The pandemic put a stop to FTG’s rent parties, but it hasn’t slowed the proliferation of mutual aid programs within the queer community

It’s no coincidence that these networks typically form alongside activism work, says Kirsty Clark, a postdoctoral research fellow at the Yale School of Public Health whose research focuses on LGBTQ mental health. 

“When folks are pushed to the margins, they create social networks through formal or informal channels where people can give each other information and support,” she says. “It’s this coming together to push back against persecution and to forge a feeling of belongingness within the group. And these networks not only produce peer support, but then can also lead to resources for medical care.” 
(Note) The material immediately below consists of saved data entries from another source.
Lemma card_indep_le (J : {set U}) : indep M J -> (#|J| <= #|B|)%N.
Proof.
move=> /indep_card_le_mrank leJ; apply: leq_trans leJ (leq_trans rankM _).
apply: leq_trans (leq_imset_card cls B); apply/subset_leq_card/subsetP => w wO.
have /set0Pn[y] := ptrans_meet wO; rewrite inE => /andP[yw yB].
by apply/imsetP; exists y; rewrite ?(cls_eq wO yw).
Qed.

Lemma col_span x : x \notin B -> exists k : U -> 'F_2, col x = \sum_(y in B) k y *: col y.
Proof.
move=> xB; apply: (lin_indepU1_span ((colM B).1 indepB) xB) => /colM/card_indep_le.
by rewrite cardsU1 xB ltnn.
Qed.

Definition vertex : finType := {x : U | x \in B}.
Implicit Types (u v : vertex) (x y z : U).

Lemma basis_free (c : vertex -> 'F_2) : \sum_u c u *: col (val u) = 0 -> forall u, c u = 0.
Proof.
move=> sum0 u; pose k y := if insub y is Some w then c w else 0.
have kE (w : vertex) : k (val w) = c w by rewrite /k valK.
rewrite -kE; apply: ((colM B).1 indepB k) (valP u).
by rewrite big_sub -[RHS]sum0; apply: eq_bigr => w _; rewrite kE.
Qed.

Lemma coords_ex x : exists c : {ffun vertex -> 'F_2}, col x == \sum_u c u *: col (val u).
Proof.
have [xB | xNB] := boolP (x \in B).
  pose vx : vertex := Sub x xB.
  exists [ffun u => (u == vx)%:R]; apply/eqP.
  rewrite (bigD1 vx) //= ffunE eqxx scale1r big1 ?addr0 // => u /negPf uNx.
  by rewrite ffunE uNx scale0r.
have [k ->] := col_span xNB.
by exists [ffun u => k (val u)]; rewrite big_sub; apply/eqP/eq_bigr => u _; rewrite ffunE.
Qed.

Definition bcoord x : {ffun vertex -> 'F_2} := xchoose (coords_ex x).

Lemma bcoordE x : col x = \sum_u bcoord x u *: col (val u).
Proof. exact/eqP/(xchooseP (coords_ex x)). Qed.

Lemma bcoord_unique x (c : vertex -> 'F_2) :
  col x = \sum_u c u *: col (val u) -> forall u, bcoord x u = c u.
Proof.
move=> colE u; apply/eqP; rewrite -subr_eq0; apply/eqP; move: u.
apply: basis_free; under eq_bigr do rewrite scalerBl.
by rewrite sumrB -bcoordE -colE subrr.
Qed.

Lemma bcoord_val v u : bcoord (val v) u = (u == v)%:R.
Proof.
apply: (bcoord_unique (x := val v) (c := fun w => (w == v)%:R)).
rewrite (bigD1 v) //= eqxx scale1r big1 ?addr0 // => w /negPf ->.
by rewrite scale0r.
Qed.

Lemma cls_vertex x : exists v : vertex, val v \in cls x.
Proof.
have /set0Pn[y] := ptrans_meet (cls_in x); rewrite inE => /andP[yx yB].
by exists (Sub y yB).
Qed.

Definition vertex_of x : vertex := xchoose (cls_vertex x).

Lemma vertex_ofP x : val (vertex_of x) \in cls x.
Proof. exact: (xchooseP (cls_vertex x)). Qed.

Lemma cls_B_eq v x : x \in cls (val v) -> x \in B -> x = val v.
Proof. by move=> xv xB; apply: (ptrans_uniq ptB (valP v) xB). Qed.

Lemma vertex_of_cls v x : x \in cls (val v) -> vertex_of x = v.
Proof.
move=> xv; apply/val_inj/cls_B_eq; last exact: valP.
by rewrite -(cls_same xv) vertex_ofP.
Qed.

Lemma vertex_of_val v : vertex_of (val v) = v.
Proof. exact/vertex_of_cls/mem_cls. Qed.

Lemma mem_cls_vertex_of x : x \in cls (val (vertex_of x)).
Proof. by rewrite (cls_same (vertex_ofP x)) mem_cls. Qed.

Lemma others_ex v :
  exists p : U * U, (p.1 != p.2) && (cls (val v) :\ val v == [set p.1; p.2]).
Proof.
have : #|cls (val v) :\ val v| == 2.
  by have := cardsD1 (val v) (cls (val v)); rewrite mem_cls card_Omega ?cls_in //; lia.
by case/cards2P => x [y [xy ->]]; exists (x, y); rewrite xy eqxx.
Qed.

Definition chi_elt v := (xchoose (others_ex v)).1.
Definition psi_elt v := (xchoose (others_ex v)).2.

Lemma chi_neq_psi v : chi_elt v != psi_elt v.
Proof. by case/andP: (xchooseP (others_ex v)). Qed.

Lemma cls_others v : cls (val v) :\ val v = [set chi_elt v; psi_elt v].
Proof. by case/andP: (xchooseP (others_ex v)) => _ /eqP. Qed.

Lemma others_notin_B v x : x \in cls (val v) :\ val v -> x \notin B.
Proof. by rewrite !inE => /andP[xNv xv]; apply: contra xNv => /(cls_B_eq xv)/eqP. Qed.

Lemma chi_elt_cls v : chi_elt v \in cls (val v) :\ val v.
Proof. by rewrite cls_others !inE eqxx. Qed.

Lemma psi_elt_cls v : psi_elt v \in cls (val v) :\ val v.
Proof. by rewrite cls_others !inE eqxx orbT. Qed.

Lemma col_psi_elt v : col (psi_elt v) = col (chi_elt v) + col (val v).
Proof.
have := (in_cycle_spaceP colM _).1 (cyclesM (cls_in (val v))).
have vNo : val v \notin [set chi_elt v; psi_elt v] by rewrite -cls_others !inE eqxx.
rewrite -(setD1K (mem_cls (val v))) cls_others big_setU1 // big_setU1 ?inE ?chi_neq_psi //.
by rewrite big_set1 /= addrA => /eqP; rewrite addr_eq0 F2_oppr => /eqP <-; rewrite addrC.
Qed.

Lemma bcoord_psi v u : bcoord (psi_elt v) u = bcoord (chi_elt v) u + bcoord (val v) u.
Proof.
apply: (bcoord_unique (x := psi_elt v)
  (c := fun w => bcoord (chi_elt v) w + bcoord (val v) w)).
rewrite col_psi_elt (bcoordE (chi_elt v)) (bcoordE (val v)) -big_split.
by apply: eq_bigr => w _; rewrite scalerDl.
Qed.

Lemma bcoord_B y u : y \in B -> bcoord y u = (y == val u)%:R.
Proof.
move=> yB; pose w : vertex := Sub y yB.
have -> : y = val w by rewrite SubK.
by rewrite bcoord_val eq_sym -val_eqE.
Qed.

Lemma cls_vertex_inj u v x : x \in cls (val u) -> x \in cls (val v) -> u = v.
Proof. by move=> /vertex_of_cls <- /vertex_of_cls. Qed.

Definition to_ias x : vertex * 'I_3 :=
  (vertex_of x,
   if x \in B then i_phi else if x == chi_elt (vertex_of x) then i_chi else i_psi).

Definition of_ias (a : vertex * 'I_3) : U :=
  match nat_of_ord a.2 with 0 => val a.1 | 1 => chi_elt a.1 | _ => psi_elt a.1 end.

Lemma to_iasK : cancel to_ias of_ias.
Proof.
move=> x; rewrite /to_ias /of_ias.
have [xB | xNB] := boolP (x \in B); first by rewrite /= -(cls_B_eq (mem_cls_vertex_of x) xB).
have : x \in [set chi_elt (vertex_of x); psi_elt (vertex_of x)].
  rewrite -cls_others !inE mem_cls_vertex_of andbT.
  by apply: contraNneq xNB => ->; apply: valP.
case: ifP => [/eqP <- // | /negbT xNchi] /=.
by rewrite !inE (negPf xNchi) => /eqP <-.
Qed.

Lemma of_iasK : cancel of_ias to_ias.
Proof.
case=> v [[|[|[|i]]] lti] //; rewrite /to_ias /of_ias /=.
- by rewrite vertex_of_val (valP v); congr pair; apply: val_inj.
- have /setD1P[_ chi_v] := chi_elt_cls v.
  rewrite (vertex_of_cls chi_v) (negPf (others_notin_B (chi_elt_cls v))) eqxx.
  by congr pair; apply: val_inj.
- have /setD1P[_ psi_v] := psi_elt_cls v.
  rewrite (vertex_of_cls psi_v) (negPf (others_notin_B (psi_elt_cls v))) eq_sym.
  by rewrite (negPf (chi_neq_psi v)); congr pair; apply: val_inj.
Qed.

Definition adj u v : bool := bcoord (chi_elt v) u == 1.

Definition coord_row x : 'rV['F_2]_#|vertex| := \row_j bcoord x (enum_val j).

Lemma coord_row_rank x u : coord_row x 0 (enum_rank u) = bcoord x u.
Proof. by rewrite mxE enum_rankK. Qed.

Lemma col_coord_row x : col x = \sum_u coord_row x 0 (enum_rank u) *: col (val u).
Proof. by rewrite bcoordE; apply: eq_bigr => u _; rewrite coord_row_rank. Qed.

Lemma coord_rowM J : indep M J <-> lin_indep coord_row J.
Proof. by rewrite colM; exact: lin_indep_coords basis_free col_coord_row J. Qed.

Lemma ias_col_to_ias x : ias_col adj (to_ias x) = coord_row x.
Proof.
rewrite -{2}(to_iasK x); case: (to_ias x) => v [[|[|[|i]]] lti] //; apply/rowP => j.
- have -> : Ordinal lti = i_phi by apply: val_inj.
  by rewrite ias_col_phi mxE bcoord_val (can2_eq enum_valK enum_rankK).
- have -> : Ordinal lti = i_chi by apply: val_inj.
  by rewrite ias_col_chi mxE F2_nat_eq1.
- have -> : Ordinal lti = i_psi by apply: val_inj.
  rewrite ias_col_psi mxE ias_col_chi ias_col_phi mxE /= bcoord_psi F2_nat_eq1.
  by rewrite bcoord_val (can2_eq enum_valK enum_rankK).
Qed.

Lemma to_ias_indep J : indep M J = ias_indep adj (to_ias @: J).
Proof.
have to_iasM : indep M J <-> lin_indep (ias_col adj \o to_ias) J.
  by rewrite coord_rowM; apply: eq_lin_indep => x; rewrite /= ias_col_to_ias.
have imsetE := @lin_indep_imset _ _ _ _ to_ias (ias_col adj) J (can_inj to_iasK).
rewrite /ias_indep; apply/idP/idP => [/to_iasM/imsetE/free_imageP // |].
by move=> /free_imageP/imsetE/to_iasM.
Qed.

Lemma to_ias_cls v : to_ias @: cls (val v) = vertex_triple v.
Proof.
apply/setP => -[u i]; rewrite inE /=; apply/imsetP/eqP => [[x xv /(congr1 fst) /= ->] | <-].
  exact: vertex_of_cls.
exists (of_ias (u, i)); last by rewrite of_iasK.
rewrite /of_ias /=; case: (nat_of_ord i) => [|[|_]]; first exact: mem_cls.
  by case/setD1P: (chi_elt_cls u).
by case/setD1P: (psi_elt_cls u).
Qed.

Lemma to_ias_classes :
  [set to_ias @: w | w : {set U} in Omega] = [set vertex_triple v | v : vertex].
Proof.
apply/setP => A; apply/imsetP/imsetP => [[w wO ->] | [v _ ->]].
  have /set0Pn[y] := ptrans_meet wO; rewrite inE => /andP[yw yB].
  by exists (Sub y yB) => //; rewrite -to_ias_cls /= (cls_eq wO yw).
by exists (cls (val v)); rewrite ?cls_in ?to_ias_cls.
Qed.

Lemma indepU1_coord J x u : indep M J -> x \notin J ->
  {in J, forall y, bcoord y u = 0} -> bcoord x u != 0 -> indep M (x |: J).
Proof.
move=> /coord_rowM indepJ xNJ J0 x0; apply/coord_rowM.
apply: (lin_indepU1_row (j := enum_rank u)) => //; last by rewrite coord_row_rank.
by move=> y yJ; rewrite coord_row_rank J0.
Qed.

(* If [adj u v] but not [adj v u], then [z |: (B :\ u :\ v)], with [z] in the class of
   [v] having coordinate 1 at [u] and 0 at [v], is an independent partial transversal
   missing the class of [u].  Sheltering extends it by some [a] in that class; as the
   [v]-coordinate vanishes on the whole class of [u], [v] can be added as well, which
   yields an independent set larger than [B]. *)
Section AdjSym.
Variables u v : vertex.
Hypotheses (neq_uv : u != v) (adj_uv : adj u v) (nadj_vu : ~~ adj v u).

Lemma bcoord_cls_u x : x \in cls (val u) -> bcoord x v = 0.
Proof.
have chi0 : bcoord (chi_elt u) v = 0.
  by case: (F2_0or1 (bcoord (chi_elt u) v)) nadj_vu => E; rewrite /adj E ?eqxx.
have val0 : bcoord (val u) v = 0 by rewrite bcoord_val eq_sym (negPf neq_uv).
move=> xu; have [-> // | xNu] := eqVneq x (val u).
have : x \in [set chi_elt u; psi_elt u] by rewrite -cls_others !inE xNu.
by rewrite !inE => /orP[] /eqP ->; rewrite ?bcoord_psi chi0 ?val0 ?addr0.
Qed.

Let z := if bcoord (chi_elt v) v == 0 then chi_elt v else psi_elt v.

Lemma z_cls : z \in cls (val v) :\ val v.
Proof. by rewrite /z; case: ifP => _; [apply: chi_elt_cls | apply: psi_elt_cls]. Qed.

Lemma z_coord_u : bcoord z u = 1.
Proof.
rewrite /z; case: ifP => _; first exact/eqP.
by rewrite bcoord_psi (eqP adj_uv) bcoord_val (negPf neq_uv) addr0.
Qed.

Lemma z_coord_v : bcoord z v = 0.
Proof.
rewrite /z; case: ifP => [/eqP // | /negbT chi_v].
rewrite bcoord_psi bcoord_val eqxx.
by case: (F2_0or1 (bcoord (chi_elt v) v)) chi_v => ->; rewrite ?eqxx // => _; apply: val_inj.
Qed.

Let J0 := B :\ val u :\ val v.
Let J := z |: J0.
While the pandemic has put a stop to FTG’s rent parties, and forced organizations like Trans Defense Fund LA (TDFLA) to host their self-defense courses online, it has not slowed the proliferation of mutual aid programs within the queer community — quite the opposite. TDFLA just shipped out another 200 self-defense kits for trans folks in LA; FTG announced on February 8th that, since its inception in July 2019, $1.1 million has been redistributed to Black trans folks around the world; Woodstock, of Gender Reveal, raised $100,000 in one month alone. Clearly, the practical implications of mutual aid are real, and, often, life-saving. 

“The biggest success is that we are supplying people with the necessary tools they need and it’s going in their hands,” says Nikki Nguyen, the organizer behind TDFLA. “That’s the biggest part — just being able to provide this for the trans community.”